Milton Keynes Dons 2 Walsall 1

Walsall crashed to a fourth successive away league defeat when a formation designed to frustrate the opposition failed to deliver the goods.

They operated with a back five, four in midfield - only two of whom are comfortable in that position - and only Matty Fryatt up front to take on the Dons defence by himself.

Although the opposition had lost only one of their previous ten matches, it seemed a rather negative line-up which was finally punished seven minutes from the end when the home side scored the winner.

Some of the travelling fans were not impressed but manager Paul Merson thought it worked " perfectly" and argued that, but for two glaring missed chances and a goalkeeping error, the Saddlers might have won.

"I am devastated, to be fair. Gutted, in fact," he said.

"I have told the lads if they keep playing like that they will win a lot more games."

Not if they continue to miss chances at one end and then hand out cheap goals at the other, they won't. It's been the same story in too many away defeats.

Walsall were presented with a great opportunity to win when Dons' star striker Izale McLeod suffered a knee injury from an Anthony Gerrard tackle and had to go off in the 33rd minute.

"You've done your job, Merson," yelled one angry Milton Keynes fan, as though McLeod had been deliberately targeted for tough treatment.

But instead of changing the system and being more positive, the Saddlers continued with the unfamiliar formation and ultimately paid the penalty.

McLeod had shown why so many scouts were at the match to watch him when he escaped the legion of Walsall defenders to head in a cross from Trent McClenahan in the fifth minute.

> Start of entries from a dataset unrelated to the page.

(* Let $\alpha>1$. Let $N\ge1$, $0\le N_1<N$, and let $p=(p_1,\dots,p_N)$ be a probability vector with $p_1=\dots=p_{N_1}=0$ and $p_k>0$ for $N_1<k\le N$. Let $c_1,\dots,c_N$ be fixed reals, not all zero, with $0\le c_k\le1$ for $k\le N_1$, $|c_k|\le1$ for $k>N_1$, and $\sum_{k=1}^Nc_k=0$. For $0<\varepsilon\le\min_{k>N_1}p_k$ define $p(\varepsilon)$ by $p_k(\varepsilon)=c_k\varepsilon$ for $k\le N_1$ and $p_k(\varepsilon)=p_k+c_k\varepsilon$ for $k>N_1$. Write $S=\sum_{k=N_1+1}^Np_k^\alpha$ and $T=\sum_{k=N_1+1}^Nc_kp_k^{\alpha-1}$. Then, as $\varepsilon\to0+$: (i) if $T\ne0$, then $\mathcal H_\alpha(p)-\mathcal H_\alpha(p(\varepsilon))\sim\frac{\alpha\varepsilon}{\alpha-1}\,T\,S^{-1}$; (ii) if $T=0$, $1<\alpha<2$, $N_1\ge1$ and $c_k\ne0$ for some $k\le N_1$, then $\mathcal H_\alpha(p)-\mathcal H_\alpha(p(\varepsilon))\sim\frac{\varepsilon^\alpha}{\alpha-1}\Big(\sum_{k=1}^{N_1}c_k^\alpha\Big)S^{-1}$; (iii) if $T=0$, $1<\alpha<2$ and $c_k=0$ for all $k\le N_1$, then $\mathcal H_\alpha(p)-\mathcal H_\alpha(p(\varepsilon))\sim\frac{\alpha\varepsilon^2}{2}\Big(\sum_{k=N_1+1}^Nc_k^2p_k^{\alpha-2}\Big)S^{-1}$; (iv) if $T=0$ and $\alpha=2$, then $\mathcal H_2(p)-\mathcal H_2(p(\varepsilon))\sim\varepsilon^2\Big(\sum_{k=1}^Nc_k^2\Big)\Big(\sum_{k=N_1+1}^Np_k^2\Big)^{-1}$; (v) if $T=0$ and $\alpha>2$, then $\mathcal H_\alpha(p)-\mathcal H_\alpha(p(\varepsilon))\sim\frac{\alpha\varepsilon^2}{2}\Big(\sum_{k=N_1+1}^Nc_k^2p_k^{\alpha-2}\Big)S^{-1}$.
   Context: $\mathcal H_\alpha(p)=\frac1{1-\alpha}\log\sum_kp_k^\alpha$ (Rényi entropy), with $0^\alpha=0$; logarithms are natural. $a(\varepsilon)\sim b(\varepsilon)$ means $a(\varepsilon)/b(\varepsilon)\to1$. *)

From Stdlib Require Import Reals Lra.
From Coquelicot Require Import Coquelicot.
Open Scope R_scope.

(* real power with the convention 0^a = 0 (only applied to nonnegative bases) *)
Definition rpow (x a : R) : R := if Rle_dec x 0 then 0 else Rpower x a.

Definition renyi (alpha : R) (N : nat) (p : nat -> R) : R :=
  / (1 - alpha) * ln (sum_n_m (fun k => rpow (p k) alpha) 1 N).

Definition pert (N1 : nat) (p c : nat -> R) (eps : R) : nat -> R :=
  fun k => if (k <=? N1)%nat then c k * eps else p k + c k * eps.

Definition asym_equiv (a b : R -> R) : Prop :=
  filterlim (fun e => a e / b e) (at_right 0) (locally 1).

From Stdlib Require Import Reals Lra Lia Classical.
From Coquelicot Require Import Coquelicot.
Open Scope R_scope.

(* Writing F(eps) = sum_k p_k(eps)^alpha and S = F(0), one has
   H_alpha(p) - H_alpha(p(eps)) = (ln F(eps) - ln S) / (alpha - 1).  The proof
   rests on the expansion, valid for every eps > 0,
     F(eps) - S = C eps^alpha + alpha T eps + alpha (alpha-1)/2 Q eps^2 + eps^2 R(eps)
   with C = sum_{k <= N1} c_k^alpha, Q = sum_{k > N1} c_k^2 p_k^(alpha-2) and
   R(eps) -> 0: the head coordinates are homogeneous of degree alpha in eps,
   the tail ones are expanded by the second-order Taylor formula with
   little-o remainder (proved from the mean value theorem).  Combined with
   ln(1+u) ~ u, a dominant term m(eps) of F(eps) - S with (F - S)/m -> K <> 0
   yields H_alpha(p) - H_alpha(p(eps)) ~ m K / ((alpha-1) S). *)

Definition lim0 (f : R -> R) (l : R) : Prop := filterlim f (at_right 0) (locally l).

Lemma at_right0_intro (P : R -> Prop) (d : R) :
  0 < d -> (forall e, 0 < e < d -> P e) -> at_right 0 P.
Proof.
  intros Hd HP. exists (mkposreal d Hd). intros e He Hpos. apply HP.
  change (Rabs (e - 0) < d) in He. rewrite Rminus_0_r in He.
  apply Rabs_def2 in He. lra.
Qed.

Lemma at_right0_pos : at_right 0 (fun e => 0 < e).
Proof. exact (at_right0_intro _ 1 Rlt_0_1 (fun e He => proj1 He)). Qed.

Lemma lim0_intro (f : R -> R) (l : R) :
  (forall eta, 0 < eta -> exists d, 0 < d /\ forall e, 0 < e < d -> Rabs (f e - l) < eta) ->
  lim0 f l.
Proof.
  intros H. apply filterlim_locally. intros eta.
  destruct (H eta (cond_pos eta)) as [d [Hd Hf]]. exact (at_right0_intro _ d Hd Hf).
Qed.

Lemma lim0_ext (f g : R -> R) (l : R) :
  (forall e, 0 < e -> f e = g e) -> lim0 f l -> lim0 g l.
Proof. intros H. apply filterlim_ext_loc. exact (filter_imp _ _ H at_right0_pos). Qed.

Lemma lim0_const (a : R) : lim0 (fun _ => a) a.
Proof. apply filterlim_const. Qed.

Lemma lim0_id : lim0 (fun e => e) 0.
Proof.
  apply lim0_intro. intros eta Heta. exists eta; split; [exact Heta |]. intros e He.
  rewrite Rminus_0_r, Rabs_right; lra.
Qed.

Lemma lim0_plus (f g : R -> R) (a b : R) :
  lim0 f a -> lim0 g b -> lim0 (fun e => f e + g e) (a + b).
Proof. intros Hf Hg. exact (filterlim_comp_2 f g Rplus Hf Hg (filterlim_plus a b)). Qed.

Lemma lim0_mult (f g : R -> R) (a b : R) :
  lim0 f a -> lim0 g b -> lim0 (fun e => f e * g e) (a * b).
Proof. intros Hf Hg. exact (filterlim_comp_2 f g Rmult Hf Hg (filterlim_mult a b)). Qed.

Lemma lim0_sqr : lim0 (fun e => e ^ 2) 0.
Proof.
  apply (lim0_ext (fun e => e * e)); [intros; ring |].
  replace 0 with (0 * 0) by ring. apply lim0_mult; apply lim0_id.
Qed.

Lemma lim0_sum (f : nat -> R -> R) (l : nat -> R) (n m : nat) :
  (forall k, (n <= k <= m)%nat -> lim0 (f k) (l k)) ->
  lim0 (fun e => sum_n_m (fun k => f k e) n m) (sum_n_m l n m).
Proof.
  induction m as [|m IHm]; intros H.
  - destruct n as [|n].
    + rewrite sum_n_n. apply (lim0_ext (f 0%nat)); [intros; now rewrite sum_n_n |].
      apply H; lia.
    + rewrite sum_n_m_zero by lia. apply (lim0_ext (fun _ => 0)); [|apply lim0_const].
      intros; now rewrite sum_n_m_zero by lia.
  - destruct (Compare_dec.le_lt_dec n (S m)) as [Hn|Hn].
    + rewrite sum_n_Sm by lia.
      apply (lim0_ext (fun e => sum_n_m (fun k => f k e) n m + f (S m) e)).
      { intros; now rewrite sum_n_Sm by lia. }
      apply lim0_plus; [apply IHm; intros; apply H |apply H]; lia.
    + rewrite sum_n_m_zero by lia. apply (lim0_ext (fun _ => 0)); [|apply lim0_const].
      intros; now rewrite sum_n_m_zero by lia.
Qed.

Lemma rpow_pos (x a : R) : 0 < x -> rpow x a = Rpower x a.
Proof. intros H; unfold rpow; destruct (Rle_dec x 0); [lra | reflexivity]. Qed.

Lemma rpow_nonpos (x a : R) : x <= 0 -> rpow x a = 0.
Proof. intros H; unfold rpow; destruct (Rle_dec x 0); [reflexivity | lra]. Qed.

Lemma Rpower_pos (x a : R) : 0 < Rpower x a.
Proof. apply exp_pos. Qed.

Lemma rpow_nonneg (x a : R) : 0 <= rpow x a.
Proof. unfold rpow; destruct (Rle_dec x 0); [lra | left; apply Rpower_pos]. Qed.

Lemma Rpower_minus (x a b : R) : Rpower x (a - b) = Rpower x a / Rpower x b.
Proof. unfold Rminus, Rdiv. now rewrite Rpower_plus, Rpower_Ropp. Qed.

Lemma Rpower_two (x : R) : 0 < x -> Rpower x 2 = x ^ 2.
Proof. intros Hx. replace 2 with (INR 2) by (simpl; ring). now apply Rpower_pow. Qed.

Lemma rpow_scale (x e a : R) : 0 <= x -> 0 < e -> rpow (x * e) a = rpow e a * rpow x a.
Proof.
  intros Hx He. destruct (Req_dec x 0) as [E|E].
  - subst. rewrite Rmult_0_l, !rpow_nonpos by lra. ring.
  - rewrite !rpow_pos by nra. rewrite Rpower_mult_distr by lra. f_equal; ring.
Qed.

Lemma lim0_rpow (b : R) : 0 < b -> lim0 (fun e => rpow e b) 0.
Proof.
  intros Hb. apply lim0_intro. intros eta Heta. exists (Rpower eta (/ b)).
  split; [apply Rpower_pos |]. intros e He.
  rewrite rpow_pos, Rminus_0_r, Rabs_right by (try left; try apply Rpower_pos; lra).
  replace eta with (Rpower (Rpower eta (/ b)) b).
  - apply Rlt_Rpower_l; lra.
  - rewrite Rpower_mult, Rinv_l by lra. now apply Rpower_1.
Qed.

(* Second-order Taylor formula with little-o remainder, from the mean value theorem. *)

Lemma between_dist (a b x : R) :
  Rmin a b <= x <= Rmax a b -> Rabs (x - a) <= Rabs (b - a).
Proof.
  unfold Rmin, Rmax, Rabs; destruct (Rle_dec a b);
    repeat destruct Rcase_abs; lra.
Qed.

(* If r and r' vanish at x0 and |r''| <= M near x0, then |r(x0 + t)| <= M t^2:
   two mean value steps give r(x0 + t) = r''(u) (s - x0) t with |s - x0| <= |t|. *)
Lemma second_order_bound (r r1 r2 : R -> R) (x0 d M : R) :
  (forall x, Rabs (x - x0) < d -> is_derive r x (r1 x)) ->
  (forall x, Rabs (x - x0) < d -> is_derive r1 x (r2 x)) ->
  (forall x, Rabs (x - x0) < d -> Rabs (r2 x) <= M) ->
  r x0 = 0 -> r1 x0 = 0 ->
  forall t, Rabs t < d -> Rabs (r (x0 + t)) <= M * t ^ 2.
Proof.
  intros Dr Dr1 HM Hr0 Hr10 t Ht.
  assert (Hnear : forall y x, Rabs (y - x0) <= Rabs t ->
                    Rmin x0 y <= x <= Rmax x0 y -> Rabs (x - x0) < d).
  { intros y x Hy Hx. pose proof (between_dist x0 y x Hx). lra. }
  assert (Ht0 : Rabs (x0 + t - x0) <= Rabs t) by (replace (x0 + t - x0) with t by ring; lra).
  destruct (MVT_gen r x0 (x0 + t) r1) as [s [Hs Es]].
  - intros x Hx. apply Dr, (Hnear (x0 + t)); [exact Ht0 | lra].
  - intros x Hx. apply derivable_continuous_pt. exists (r1 x).
    apply is_derive_Reals, Dr, (Hnear (x0 + t)); [exact Ht0 | exact Hx].
  assert (Hs0 : Rabs (s - x0) <= Rabs t) by (pose proof (between_dist _ _ _ Hs); lra).
  destruct (MVT_gen r1 x0 s r2) as [u [Hu Eu]].
  - intros x Hx. apply Dr1, (Hnear s); [exact Hs0 | lra].
  - intros x Hx. apply derivable_continuous_pt. exists (r2 x).
    apply is_derive_Reals, Dr1, (Hnear s); [exact Hs0 | exact Hx].
  assert (Hr2u : Rabs (r2 u) <= M) by (apply HM, (Hnear s); [exact Hs0 | exact Hu]).
  assert (Erem : r (x0 + t) = r2 u * (s - x0) * t).
  { replace (r (x0 + t)) with (r (x0 + t) - r x0) by (rewrite Hr0; ring).
    rewrite Es, <- Eu, Hr10. ring. }
  rewrite Erem, !Rabs_mult.
  replace (t ^ 2) with (Rabs t * Rabs t) by (rewrite <- Rabs_mult, Rabs_pos_eq; [ring | nra]).
  rewrite <- Rmult_assoc. apply Rmult_le_compat_r; [apply Rabs_pos |].
  apply Rmult_le_compat; try apply Rabs_pos; lra.
Qed.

Eight minutes later French midfielder Eric Skora took a neat pass from Jorge Leit?o, held off a challenge and equalised with his second goal in two games on loan from Preston, to equalise.

Four minutes into the second half Walsall should have been in front. Chris Westwood's shot was brilliantly parried by Matt Baker and the rebound fell neatly to defender Ian Roper who shot straight at the grounded keeper.

Then, in the 64th minute, Skora released Leit?o but, from near the penalty spot, the Portuguese battler drove the ball too close to Baker who saved again.

You could see what was coming. With seven minutes left a foul by Gerrard outside the peanlty area proved costly. Gareth Edds hammered a low free kick through the defensive wall and, although the diving Joe Murphy saved it, he allowed the ball to slip from his grasp for Aaron Wilbraham to slide into the net.

Murphy, who has just signed an extended loan deal from Sunderland which means he will stay for another two months, apologised to his manager for that slip. Asked if he was happy with the system used, Merson said: "We came here first and foremost not to get beat, and we thought if we counterattacked and played that way we would frustrate them.

"I thought it worked perfectly and we kept them to long-range shots while we had clear-cut chances. But we have got to score. Even Danny Wilson (the Dons' manager) said to us 'How did you lose that?'"

Wilson told me: "They came with a 5-4-1 formation and they came not to be beaten. They are capable of scoring in counter-attacks. Paul Merson will say they had two bad misses but I saw them as two great saves, and I think we deserved that bit of luck".

In tomorrow night's home LDV Trophy match with Bournemouth, Walsall can recall right-back Craig Pead after a three- match suspension.

James Constable, the 21-year-old striker signed on loan from Chippenham Town, will be involved, probably as one of the substitutes.Only two goals have been scored by recognised strikers in the last eight league games, a worrying trend that needs arresting.